La Giornata Internazionale “Città per la Vita – Città contro la Pena di Morte” del 30 novembre ricorda l’anniversario della prima abolizione della pena di morte dall’ordinamento
di uno stato europeo, da parte del Granducato di Toscana nel 1786, l’iniziativa – giunta alla sua sesta edizione – è promossa dalla Comunità di Sant’Egidio e sostenuta dalle
principali associazioni internazionali per i diritti umani, raccolte all’interno della World Coalition Against the Death Penalty.

Mille città sono già diventate “Città per la vita”: tra esse capitali europee come Roma, Vienna, Parigi, Bruxelles, Madrid, Berlino, e mondiali, tra cui Città del
Messico, Buenos Aires, Bogotà, Santiago del Cile, Maputo, Dakar. Tutti i loro monumenti “simbolo” verranno illuminati formando un ampio schieramento morale mondiale per chiedere di
fermare tutte le esecuzioni capitali.
“Nel mondo sono sempre meno gli Stati che ancora adottano la pena di morte, con un trend fortunatamente in costante diminuzione – hanno dichiarato il Presidente della provincia Paolo Filippi e
il Vice Presidente Maria Grazia Morando -. L’approvazione della Risoluzione per una Moratoria Universale della Pena capitale alla terza Commissione dell’Assemblea Generale dell’O.N.U., che lo
Stato italiano ha voluto con forza, ha segnato nel mese di novembre una tappa decisiva per l’affermazione di una giustizia senza morte”.
Progressi del fronte abolizionista si segnalano, a livello di opinione pubblica o nelle leadership, anche in molti stati mantenitori quali gli Stati Uniti, dove si è aperto un ampio
dibattito sulla costituzionalità dell’iniezione letale, così come in alcuni importanti Paesi dell’Asia (Taiwan, Corea del Sud). L’Africa, pur provata più di altri
continenti dai conflitti e dalle povertà, si distingue per un trend positivo sia nella diminuzione costante del numero delle esecuzioni che nell’aumento dei Paesi che attuano una
moratoria de facto. Oltre la metà dei paesi africani non applica più la pena di morte. La più recente notizia in questo senso è data dall’annuncio dell’abolizione
della pena capitale in Gabon.
“In questa Giornata 1000 città per la vita si uniranno idealmente manifestando una accanto all’altra, per dire insieme NO alla pena di morte e affermare con la loro voce l’espressione di
un’autentica cultura e civiltà della vita. A questo impegno – hanno continuato Paolo Filippi e Maria Grazia Morando – si unisce con forza e decisione anche la vice della provincia di
Alessandria, che ribadisce il proprio no alla pena capitale”:
Molti Comuni hanno già predisposto iniziative culturali e di sensibilizzazione dell’opinione pubblica sostenute e organizzate in sinergia con la Comunità di Sant’Egidio e
associazioni ad essa collegate, in Italia e in altri Paesi.

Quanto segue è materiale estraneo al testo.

(* Let $q\ge5$ be prime and $r,s\ge2$ integers. Then $\chi_D(LG_q\otimes K_{r,s})=r+s+1$.
   Context: Let $V=\mathbb{F}_q^3$, $\mathcal{P}$ the set of $1$-dimensional subspaces (''points'') and $\mathcal{L}$ the set of $2$-dimensional subspaces (''lines'') of $V$. The graph $LG_q\otimes K_{r,s}$ has vertex set $(\mathcal{P}\times[r])\sqcup(\mathcal{L}\times[s])$, where $[m]=\{1,\dots,m\}$, and for $p\in\mathcal{P}$, $l\in\mathcal{L}$, $i\in[r]$, $j\in[s]$, the vertex $(p,i)$ is adjacent to $(l,j)$ iff $p\subset l$; there are no other edges. A coloring is distinguishing if the only graph automorphism mapping every color class onto itself is the identity; $\chi_D(G)$ is the minimum number of colors of a proper distinguishing coloring of $G$. *)

From HB Require Import structures.
From mathcomp Require Import all_boot all_order all_algebra all_fingroup.
Set Implicit Arguments. Unset Strict Implicit. Unset Printing Implicit Defensive.

Local Open Scope ring_scope.

Definition is_graph_aut (T : finType) (e : rel T) (f : {perm T}) : Prop :=
  forall x y, e (f x) (f y) = e x y.

Definition proper_coloring (T : finType) (e : rel T) (k : nat) (c : T -> 'I_k) : Prop :=
  forall x y, e x y -> c x != c y.

(* distinguishing: the only automorphism mapping every color class onto itself
   (equivalently, preserving the color of every vertex) is the identity *)
Definition distinguishing (T : finType) (e : rel T) (k : nat) (c : T -> 'I_k) : Prop :=
  forall f : {perm T}, is_graph_aut e f -> (forall x, c (f x) = c x) -> f = 1%g.

Definition proper_dist_colorable (T : finType) (e : rel T) (k : nat) : Prop :=
  exists c : T -> 'I_k, proper_coloring e c /\ distinguishing e c.

Definition chiD_is (T : finType) (e : rel T) (n : nat) : Prop :=
  proper_dist_colorable e n /\ (forall k, (k < n)%N -> ~ proper_dist_colorable e k).

Notation vec q := 'rV['F_q]_3.

Definition span_set (q : nat) (A : 'M['F_q]_3) : {set vec q} :=
  [set x : vec q | (x <= A)%MS].

Definition is_subspace_of_dim (q d : nat) (S : {set vec q}) : bool :=
  [exists A : 'M['F_q]_3, (\rank A == d) && (S == span_set A)].

Definition raw_vertex (q r s : nat) : finType :=
  (({set vec q} * 'I_r) + ({set vec q} * 'I_s))%type.

Definition valid_vertex (q r s : nat) (x : raw_vertex q r s) : bool :=
  match x with
  | inl (p, _) => @is_subspace_of_dim q 1%N p
  | inr (l, _) => @is_subspace_of_dim q 2%N l
  end.

(* vertex set of LG_q (x) K_{r,s} : (P x [r]) + (L x [s]) *)
Definition LGK_vertex (q r s : nat) : finType := {x : raw_vertex q r s | valid_vertex x}.

Definition raw_adj (q r s : nat) (x y : raw_vertex q r s) : bool :=
  match x, y with
  | inl (p, _), inr (l, _) => p \subset l
  | inr (l, _), inl (p, _) => p \subset l
  | _, _ => false
  end.

Definition LGK_adj (q r s : nat) : rel (LGK_vertex q r s) :=
  fun x y => raw_adj (val x) (val y).

From HB Require Import structures.
From mathcomp Require Import all_boot all_order all_algebra all_fingroup.
From mathcomp Require Import ring zify.
Set Implicit Arguments. Unset Strict Implicit. Unset Printing Implicit Defensive.
Import GRing.Theory.
Local Open Scope ring_scope.
(* A partial map mor(G) x X -> X is represented by its graph
   [act g x y] meaning "g . x is defined and equals y". *)
Definition pdefined (X : Type) (act : mor G -> X -> X -> Prop) g x : Prop :=
  exists y, act g x y.

Definition partial_category_action (X : Type) (act : mor G -> X -> X -> Prop) : Prop :=
  (forall g x y z, act g x y -> act g x z -> y = z) /\
  (forall x, exists e, ob G e /\ pdefined act e x) /\
  (forall f x y, ob G f -> act f x y -> y = x) /\
  (forall g x, pdefined act g x -> pdefined act (dom G g) x) /\
  (forall g h x y, composable g h -> act h x y ->
     (pdefined act (comp G g h) x <-> pdefined act g y) /\
     (forall z w, act (comp G g h) x z -> act g y w -> z = w)).

Definition global_category_action (X : Type) (act : mor G -> X -> X -> Prop) : Prop :=
  partial_category_action act /\
  (forall g x, pdefined act (dom G g) x -> pdefined act g x).

Variable X : Type.
Variable act : mor G -> X -> X -> Prop.

Definition Xbar (p : mor G * X) : Prop := pdefined act (dom G (fst p)) (snd p).

Definition sim (p q : mor G * X) : Prop :=
  (exists h, composable (fst q) h /\ act h (snd p) (snd q) /\ fst p = comp G (fst q) h)
  \/ (snd p = snd q /\ ob G (fst p) /\ ob G (fst q) /\
      pdefined act (fst p) (snd p) /\ pdefined act (fst q) (snd q)).

Definition simeq (p q : mor G * X) : Prop :=
  Xbar p /\ Xbar q /\
  clos_refl_sym_trans _ (fun a b => Xbar a /\ Xbar b /\ sim a b) p q.

(* Y = \overline{X} / \simeq, as the type of equivalence classes *)
Definition Yq : Type :=
  { P : mor G * X -> Prop | exists p, Xbar p /\ P = simeq p }.

(* [h,x] as a predicate; y contains (h,x) iff proj1_sig y (h,x) *)
Definition Yact (g : mor G) (y y' : Yq) : Prop :=
  exists h' x', proj1_sig y (h', x') /\ composable g h' /\
                proj1_sig y' = simeq (comp G g h', x').

End Actions.

From Stdlib Require Import Relations Classical FunctionalExtensionality
  PropExtensionality ProofIrrelevance.

Set Implicit Arguments.

(* The only difficulty is well-definedness: if (h1,x1) ≃ (h2,x2) and g is
   composable with h1 and h2, then (g h1, x1) ≃ (g h2, x2).  A chain of
   ~-steps joining the two pairs may pass through pairs (h,x) with h not
   composable with g, so we extend "multiply by g" to a partial map [push g]
   on all of X̄: for such (h,x) it uses the representative
   (h,x) ~ (cod h, h·x) ~ (dom g, h·x), whenever these exist.  Each ~-step
   preserves both the domain of [push g] and the ≃-class of its value, hence
   so does ≃.  The action axioms on Y then follow from associativity in G. *)

Section RelationalLifting.
Variables (A B : Type) (F : A -> B -> Prop) (R : relation B).

Definition rel_lift (p q : A) : Prop :=
  (forall r, F p r -> exists s, F q s /\ R r s) /\
  (forall s, F q s -> exists r, F p r /\ R r s).

Hypothesis R_equiv : equivalence B R.

Lemma rel_lift_equiv : equivalence A rel_lift.
Proof.
  destruct R_equiv as [Rrefl Rtrans Rsym].
  split.
  - intros p; split; intros r Hr; exists r; auto.
  - intros p q u [Hpq Hqp] [Hqu Huq]; split.
    + intros r Hr.
      destruct (Hpq r Hr) as [s [Hs Hrs]]; destruct (Hqu s Hs) as [t [Ht Hst]].
      exists t; split; [exact Ht | exact (Rtrans _ _ _ Hrs Hst)].
    + intros t Ht.
      destruct (Huq t Ht) as [s [Hs Hst]]; destruct (Hqp s Hs) as [r [Hr Hrs]].
      exists r; split; [exact Hr | exact (Rtrans _ _ _ Hrs Hst)].
  - intros p q [Hpq Hqp]; split.
    + intros s Hs; destruct (Hqp s Hs) as [r [Hr Hrs]]; exists r; auto.
    + intros r Hr; destruct (Hpq r Hr) as [s [Hs Hrs]]; exists s; auto.
Qed.
(* All objects are matrix factorisations of rank one, and a shift by an even
   (resp. odd) integer is a twist by a multiple of c of the factorisation
   itself (resp. of its shift [1]).  Exchanging x and y carries K_{y,j} for
   (p, q) to K_{x,j} for (q, p) and fixes K_f, so only K_{x,i} needs treating.
   For an even shift, a morphism is given by a homogeneous g with g f
   divisible by x; as y^(q-1) is a monomial of f, x divides g, and g / x is a
   null-homotopy.  For an odd shift, the morphism is given by a homogeneous g
   whose degree, because 1 <= i <= p-1, is not the degree in L of any pure
   power y^b with b < q-1; hence g lies in the ideal (x, f), and a
   decomposition g = x s + f t yields the homotopy. *)

From mathcomp Require Import all_boot all_algebra.
From mathcomp Require Import Rstruct complex.
From mathcomp Require Import mpoly.
From mathcomp Require Import fingroup perm zify ring.

Set Implicit Arguments.
Unset Strict Implicit.
Unset Printing Implicit Defensive.

Import GRing.Theory.
Local Open Scope ring_scope.

Lemma LaddE (u v : Ldeg) : Ladd u v = u + v.
Proof. by []. Qed.

Lemma LsubE (u v : Ldeg) : Lsub u v = u - v.
Proof. by []. Qed.

Lemma Leq_trans p q u v w : Leq p q u v -> Leq p q v w -> Leq p q u w.
Proof.
case=> m [n] [e1 e2 e3] [m' [n'] [e1' e2' e3']].
by exists (m + m'), (n + n'); split; lia.
Qed.

Tactic Notation "Leq_by" uconstr(m) uconstr(n) :=
  exists m, n; rewrite /Lsub /Ladd /Lopp /Lx /Ly /Lc /=; split; lia.

Tactic Notation "Leq_shift" hyp(h) uconstr(dm) uconstr(dn) :=
  let m := fresh "m" in let n := fresh "n" in
  let e1 := fresh "e" in let e2 := fresh "e" in let e3 := fresh "e" in
  case: h => m [n] [e1 e2 e3];
  rewrite /Lsub /Ladd /Lopp /Lx /Ly /Lc /= in e1 e2 e3; Leq_by (m + dm) (n + dn).

Definition mxy (a b : nat) : 'X_{1..2} := (U_(ix) *+ a + U_(iy) *+ b)%MM.

Lemma ord2_cases (j : 'I_2) : j = ix \/ j = iy.
Proof. by case: j => [[|[|j]]] hj; [left | right | ]; try exact: val_inj. Qed.

Lemma mxy_ix a b : mxy a b ix = a.
Proof. by rewrite /mxy mnmDE !mulmnE !mnm1E /= mul1n mul0n addn0. Qed.

Lemma mxy_iy a b : mxy a b iy = b.
Proof. by rewrite /mxy mnmDE !mulmnE !mnm1E /= mul1n mul0n. Qed.

Lemma mxyE (m : 'X_{1..2}) : m = mxy (m ix) (m iy).
Proof. by apply/mnmP=> j; case: (ord2_cases j) => ->; rewrite ?mxy_ix ?mxy_iy. Qed.

Lemma mxyD a b a' b' : (mxy a b + mxy a' b')%MM = mxy (a + a') (b + b').
Proof.
by apply/mnmP=> j; rewrite mnmDE; case: (ord2_cases j) => ->; rewrite ?mxy_ix ?mxy_iy.
Qed.

Lemma lem_mxy a b a' b' :
  (mxy a b <= mxy a' b')%MM = (a <= a')%N && (b <= b')%N.
Proof.
apply/mnm_lepP/andP => [le_m | [le_a le_b] j].
  by have := le_m ix; have := le_m iy; rewrite !mxy_ix !mxy_iy.
by case: (ord2_cases j) => ->; rewrite ?mxy_ix ?mxy_iy.
Qed.

Lemma mpolyX_mxy a b : 'X_[mxy a b] = X ^+ a * Y ^+ b :> S.
Proof. by rewrite /mxy mpolyXD !mpolyXn. Qed.

Lemma XE : X = 'X_[mxy 1 0].
Proof. by rewrite mpolyX_mxy mulr1. Qed.

Lemma mcoeffMX_nle (P : S) m' m : ~~ (m' <= m)%MM -> (P * 'X_[m'])@_m = 0.
Proof.
move=> nle; apply/eqP; rewrite mcoeff_eq0 (perm_mem (msuppMX _ _)).
by apply/mapP=> -[m'' _ def_m]; move: nle; rewrite def_m lem_addr.
Qed.

Lemma mulXI (P Q : S) : X * P = X * Q -> P = Q.
Proof.
move=> e; apply/mpolyP=> m; have := congr1 (mcoeff (mxy 1 0 + m)) e.
by rewrite ![X * _]mulrC XE !mcoeffMX.
Qed.

Lemma mcoeff_mulX_pure_y (Q : S) b : (X * Q)@_(mxy 0 b) = 0.
Proof. by rewrite mulrC XE mcoeffMX_nle // lem_mxy. Qed.

Section Homogeneity.
Variables p q : nat.

Lemma Lhomog0 d : Lhomog p q d 0.
Proof. by move=> m; rewrite msupp0. Qed.

Lemma LhomogD d P Q : Lhomog p q d P -> Lhomog p q d Q -> Lhomog p q d (P + Q).
Proof. by move=> hP hQ m /msuppD_le; rewrite mem_cat => /orP[/hP | /hQ]. Qed.

Lemma LhomogZ d c P : Lhomog p q d P -> Lhomog p q d (c *: P).
Proof. by move=> hP m /msuppZ_le /hP. Qed.

Lemma LhomogN d P : Lhomog p q d P -> Lhomog p q d (- P).
Proof. by move=> hP m; rewrite (perm_mem (msuppN _)) => /hP. Qed.

Lemma Lhomog_Leq d d' P : Leq p q d d' -> Lhomog p q d P -> Lhomog p q d' P.
Proof. by move=> hd hP m /hP /Leq_trans; apply. Qed.

Lemma LhomogXY d a b : Leq p q (a%:Z, b%:Z, 0) d -> Lhomog p q d (X ^+ a * Y ^+ b).
Proof.
by rewrite -mpolyX_mxy => hd m; rewrite msuppX mem_seq1 => /eqP ->; rewrite /mdegL mxy_ix mxy_iy.
Qed.

Definition homog_comb (A B : S) (Da Db : Ldeg) (h : S) :=
  exists s t, [/\ h = A * s + B * t, Lhomog p q Da s & Lhomog p q Db t].

Lemma homog_comb_monomials A B Da Db D h :
  Lhomog p q D h ->
  (forall a b : nat, Leq p q (a%:Z, b%:Z, 0) D -> h@_(mxy a b) != 0 ->
     homog_comb A B Da Db (X ^+ a * Y ^+ b)) ->
  homog_comb A B Da Db h.
Proof.
move=> hh hmon; rewrite (mpolyE h) big_seq.
apply: (big_ind (homog_comb A B Da Db)) => [|u v [s [t [-> hs ht]]] [s' [t' [-> hs' ht']]] | m hm].
- by exists 0, 0; split; [rewrite !mulr0 addr0 | exact: Lhomog0..].
- exists (s + s'), (t + t'); split; [by rewrite !mulrDr addrACA | exact: LhomogD..].
have [s [t [e hs ht]]] : homog_comb A B Da Db 'X_[m].
  have := hh m hm; rewrite (mxyE m) mpolyX_mxy /mdegL mxy_ix mxy_iy => hd.
  by apply: hmon hd _; rewrite -mxyE -mcoeff_msupp.
exists (h@_m *: s), (h@_m *: t).
by split; [rewrite e scalerDr !scalerAr | exact: LhomogZ..].
Qed.

End Homogeneity.

Lemma null_homotopic_by_s p q M N g0 g1 s :
  Lhomog p q (Lsub (Lsub (d1 N) Lc) (d0 M)) s ->
  g0 = f1 N * s -> g1 = s * f1 M -> null_homotopic p q M N g0 g1.
Proof.
move=> hs e0 e1; exists 0, s.
by split; [exact: Lhomog0 | | rewrite mul0r add0r | rewrite mulr0 add0r].
Qed.

Lemma twist0 M : twist (0, 0, 0) M = M.
Proof. by case: M => d0 d1 f0 f1; rewrite /twist !LaddE !addr0. Qed.

Lemma twistD l l' M : twist l (twist l' M) = twist (Ladd l' l) M.
Proof. by rewrite /twist /= !LaddE !addrA. Qed.

Lemma shift1_twist l M : shift1 (twist l M) = twist l (shift1 M).
Proof. by rewrite /shift1 /twist /= !LaddE addrAC. Qed.

Lemma shift1K M : shift1 (shift1 M) = twist Lc M.
Proof. by rewrite /shift1 /twist /= !opprK. Qed.

Lemma shiftm1E M : shiftm1 M = twist (Lopp Lc) (shift1 M).
Proof. by rewrite /shiftm1 /shift1 /twist /= LsubE !LaddE addrK. Qed.

Lemma shift_cases n M : exists k : int,
  shift n M = twist (0, 0, k) M \/ shift n M = twist (0, 0, k) (shift1 M).
Proof.
have twist_cases F : (forall k, exists k',
         F (twist (0, 0, k) M) = twist (0, 0, k') (shift1 M)) ->
    (forall k, exists k',
         F (twist (0, 0, k) (shift1 M)) = twist (0, 0, k') M) ->
    forall j, exists k, iter j F M = twist (0, 0, k) M \/
                        iter j F M = twist (0, 0, k) (shift1 M).
  move=> Fev Fodd; elim=> [|j [k [E | E]]]; first by exists 0; left; rewrite twist0.
  - by have [k' E'] := Fev k; exists k'; right; rewrite iterS E.
  - by have [k' E'] := Fodd k; exists k'; left; rewrite iterS E.
case: n => j; rewrite /shift; apply: twist_cases => k.
- by exists k; rewrite shift1_twist.
- by exists (1 + k); rewrite shift1_twist shift1K twistD.
- by exists (k - 1); rewrite shiftm1E shift1_twist twistD.
- by exists (1 + (k - 1)); rewrite shiftm1E shift1_twist shift1K !twistD.
Qed.

Lemma hom_zero_shift p q M N :
  (forall k, hom_zero p q M (twist (0, 0, k) N)) ->
  (forall k, hom_zero p q M (twist (0, 0, k) (shift1 N))) ->
  forall n, hom_zero p q M (shift n N).
Proof. by move=> hev hodd n; have [k [-> | ->]] := shift_cases n N. Qed.

Definition swapXY_def (P : S) : S := msym (tperm ix iy) P.
Fact swapXY_key : unit. Proof. by []. Qed.
Definition swapXY := locked_with swapXY_key swapXY_def.
Canonical swapXY_unlockable := [unlockable fun swapXY].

La Provincia di Alessandria, con 24 Comuni del suo territorio (Alessandria, Arquata Scrivia, Bistagno, Carrosio, Cassinelle, Castellazzo Bormida, Castelnuovo Bormida, Castelnuovo Scrivia, Gavi,
Morbello, Novi Ligure, Occimiano, Ovada, Quattordio, Rivalta Bormida, Serravalle Scrivia, Tortona, Voltaggio, Basaluzzo, Bosio, Castelletto d’Orba, Cremolino, Molare, Orsara Bormida) si
è unita in questi anni a questo schieramento contro la pena di morte. Molteplici sono le iniziative per coinvolgere i cittadini in questa campagna di civiltà, che vuole
contrastare la dilagante logica della violenza e dell’odio.
Tra queste inziative si segnala la conferenza Non c’è giustizia senza la vita. La testimonianza di Edward Mpagi Edmary che avrà luogo ad Alessandria lunedì 3 dicembre alle
ore 20,45 presso la sala conferenze di Palazzo Guasco, via dei Guasco, con la partecipazione del Vice Presidente della Provincia di Alessandria Maria Grazia Morando.

Con la Provincia di Alessandria organizzano la conferenza la Comunità di SAnt’Egidio, Amnesty International e il CSVA.